A política angolana acaba de assistir a um movimento que, embora discreto na forma, é profundo no seu significado: Jardo Muekalia, figura emblemática da diplomacia da UNITA e antigo representante do partido nos Estados Unidos, abandonou as fileiras que o formaram e aderiu ao PRA-JA Servir Angola, liderado por Abel Chivukuvuku.
Para muitos, a decisão é apenas mais uma dança partidária. Para outros, é uma traição ideológica. Mas talvez seja mais do que isso — talvez seja um sintoma de algo que a política angolana ainda não aprendeu a nomear: a crise de compromisso.
Jardo não é um político qualquer. Durante décadas foi a expressão máxima da diplomacia da UNITA, interlocutor de Washington, estratega de bastidores e nome cotado para suceder Isaías Samakuva. Consta que recusou o posto, preferindo manter-se nos Estados Unidos, gerindo a sua empresa de lobby político (Maka Angola, 2012; DW África, 2020). Um intelectual de alto nível, resolvido financeiramente, que agora retorna à política ativa — mas não pela porta que o consagrou.
A adesão ao PRA-JA pode ser lida como um gesto de renovação. Mas também levanta perguntas incômodas:
• O que leva um quadro histórico a abandonar sua casa política sem prestar contas aos militantes que o sustentaram?
• Que tipo de compromisso sobrevive à travessia do deserto ideológico?
• E, sobretudo, que lugar ocupa a lealdade num sistema partidário marcado por rupturas silenciosas?
Abel Chivukuvuku, por sua vez, é frequentemente rotulado de forma injusta — como falso, traidor, ou até instável (Novo Jornal, 2021). Mas a verdade é que ele é um jogador de política com visão estratégica. Sua capacidade de atrair figuras como Jardo revela não apenas habilidade, mas também um vazio deixado por partidos que não souberam cuidar dos seus quadros.
A UNITA, neste caso, não perde apenas um nome. Perde uma narrativa. E Jardo, ao sair sem explicações públicas, corre o risco de transformar sua trajetória brilhante num enigma desconfortável. Embora o general Abílio Kamalata Numa tenha minimizado a saída, alegando que a UNITA “deixou de fazer diplomacia nos Estados Unidos há muito tempo” (VOA, 2023), a verdade é que o gesto de Jardo coloca em causa a liderança de Adalberto Costa Júnior e a sua capacidade de segurar históricos descontentes.
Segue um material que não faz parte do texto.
(* Let $G = G_1\times\dots\times G_n$ be a direct product of finitely generated groups $G_i$, and let $\varphi\in\mathrm{Aut}(G)$ be of the form $(g_1,\dots,g_n)\mapsto(\varphi_1(g_1),\dots,\varphi_n(g_n))$ with $\varphi_i\in\mathrm{Aut}(G_i)$ for all $1\le i\le n$. Then the $\varphi$-twisted conjugacy problem $\mathrm{TCP}_\varphi(G)$ is solvable if and only if $\mathrm{TCP}_{\varphi_i}(G_i)$ is solvable for all $1\le i\le n$.
   Context: For a group $H$ with finite generating set $Y$ and $\psi\in\mathrm{Aut}(H)$, elements $u,v\in H$ are $\psi$-twisted conjugate if there exists $w\in H$ with $v=\psi(w)^{-1}uw$. The $\psi$-twisted conjugacy problem $\mathrm{TCP}_\psi(H)$ asks for an algorithm that, given two words over $Y\cup Y^{-1}$, decides whether the elements they represent are $\psi$-twisted conjugate in $H$. *)

From Stdlib Require Import FunctionalExtensionality.
From Stdlib Require List.
From mathcomp Require Import all_boot.
Set Implicit Arguments. Unset Strict Implicit. Unset Printing Implicit Defensive.

Record group := Group {
  gcar :> Type;
  gmul : gcar -> gcar -> gcar;
  gone : gcar;
  ginv : gcar -> gcar;
  gmulA : forall x y z, gmul x (gmul y z) = gmul (gmul x y) z;
  gmul1g : forall x, gmul gone x = x;
  gmulVg : forall x, gmul (ginv x) x = gone
}.
(* Let $G$ be a graph of order $n$ with stability number $\alpha$ (so $1\le\alpha\le n$). Then \[ F(G) \le f_{\mathsf T}(n,\alpha), \] with equality if and only if $G \simeq T_{n,\alpha}$.
   Context: All graphs are finite, simple and undirected; the stability number $\alpha(G)$ is the maximum size of a stable set. The Fibonacci index $F(G)$ of $G$ is the number of stable sets of $G$, including the empty set. For integers $1\le \alpha\le n$, the Turán graph $T_{n,\alpha}$ is the disjoint union of $\alpha$ cliques whose orders sum to $n$ and differ pairwise by at most one. Define $f_{\mathsf T}(n,\alpha)=F(T_{n,\alpha})=(\lceil n/\alpha\rceil+1)^p(\lfloor n/\alpha\rfloor+1)^{\alpha-p}$ with $p = n \bmod \alpha$. *)

From mathcomp Require Import all_boot.
Set Implicit Arguments. Unset Strict Implicit. Unset Printing Implicit Defensive.

Definition simple_graph (T : finType) (e : rel T) : Prop :=
  symmetric e /\ irreflexive e.

Definition stable (T : finType) (e : rel T) (A : {set T}) : bool :=
  [forall x in A, forall y in A, ~~ e x y].

Definition alpha (T : finType) (e : rel T) : nat :=
  \max_(A : {set T} | stable e A) #|A|.

Definition fib_index (T : finType) (e : rel T) : nat :=
  #|[set A : {set T} | stable e A]|.

(* Turán graph T_{n,a} on vertex set 'I_n: disjoint union of a cliques, the
   residue classes modulo a (their sizes differ pairwise by at most one). *)
Definition turan_rel (n a : nat) : rel 'I_n :=
  fun i j => (i != j) && (i %% a == j %% a).

Definition iso_turan (T : finType) (e : rel T) (a : nat) : Prop :=
  exists f : T -> 'I_#|T|, bijective f /\
    forall x y, e x y = @turan_rel #|T| a (f x) (f y).

Definition fT (n a : nat) : nat :=
  let p := n %% a in
  ((n + a.-1) %/ a + 1) ^ p * (n %/ a + 1) ^ (a - p).

From mathcomp Require Import all_boot.
From mathcomp Require Import zify.
Set Implicit Arguments. Unset Strict Implicit. Unset Printing Implicit Defensive.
Em última análise, Jardo, um político muito experiente, sai mal na fotografia, enquanto Chivukuvuku soma e segue nos seus desígnios. E Adalberto Costa Júnior tem sim motivos para se preocupar. A aceitação popular de que dispõe — com larga vantagem dos seus opositores — será insuficiente para o conduzir ao Palácio da Cidade Alta. É preciso compreender que as eleições não se ganham apenas com popularidade, mas com meios e ações políticas eficazes. Das duas uma: ou Jardo saiu por compromissos financeiros, ou Adalberto Costa Júnior não está a acomodar o interesse de históricos da UNITA, abrindo espaço para a migração de barões como o referido diplomata.
Como lembra o cientista político Paulo de Carvalho (2017), a fragilidade das instituições partidárias em Angola favorece estas migrações, revelando um sistema mais personalista do que programático. Nesse sentido, a política não é apenas disputa de espaço. É também prestação de contas — “governar é, antes de tudo, prestar contas”, como defende Pierre Rosanvallon (2015). Mas em Angola, a accountability ainda é rara, o que se aproxima do que Guillermo O’Donnell (1994) descreveu como “democracias delegativas”: sistemas em que os líderes agem mais como mandatários pessoais do povo do que como responsáveis perante instituições e militantes.
Se a decisão de Jardo é estratégica, que seja explicada. Se é pessoal, que seja respeitada. Mas que não seja silenciosa. Porque o silêncio, neste caso, não é diplomático — é sintomático.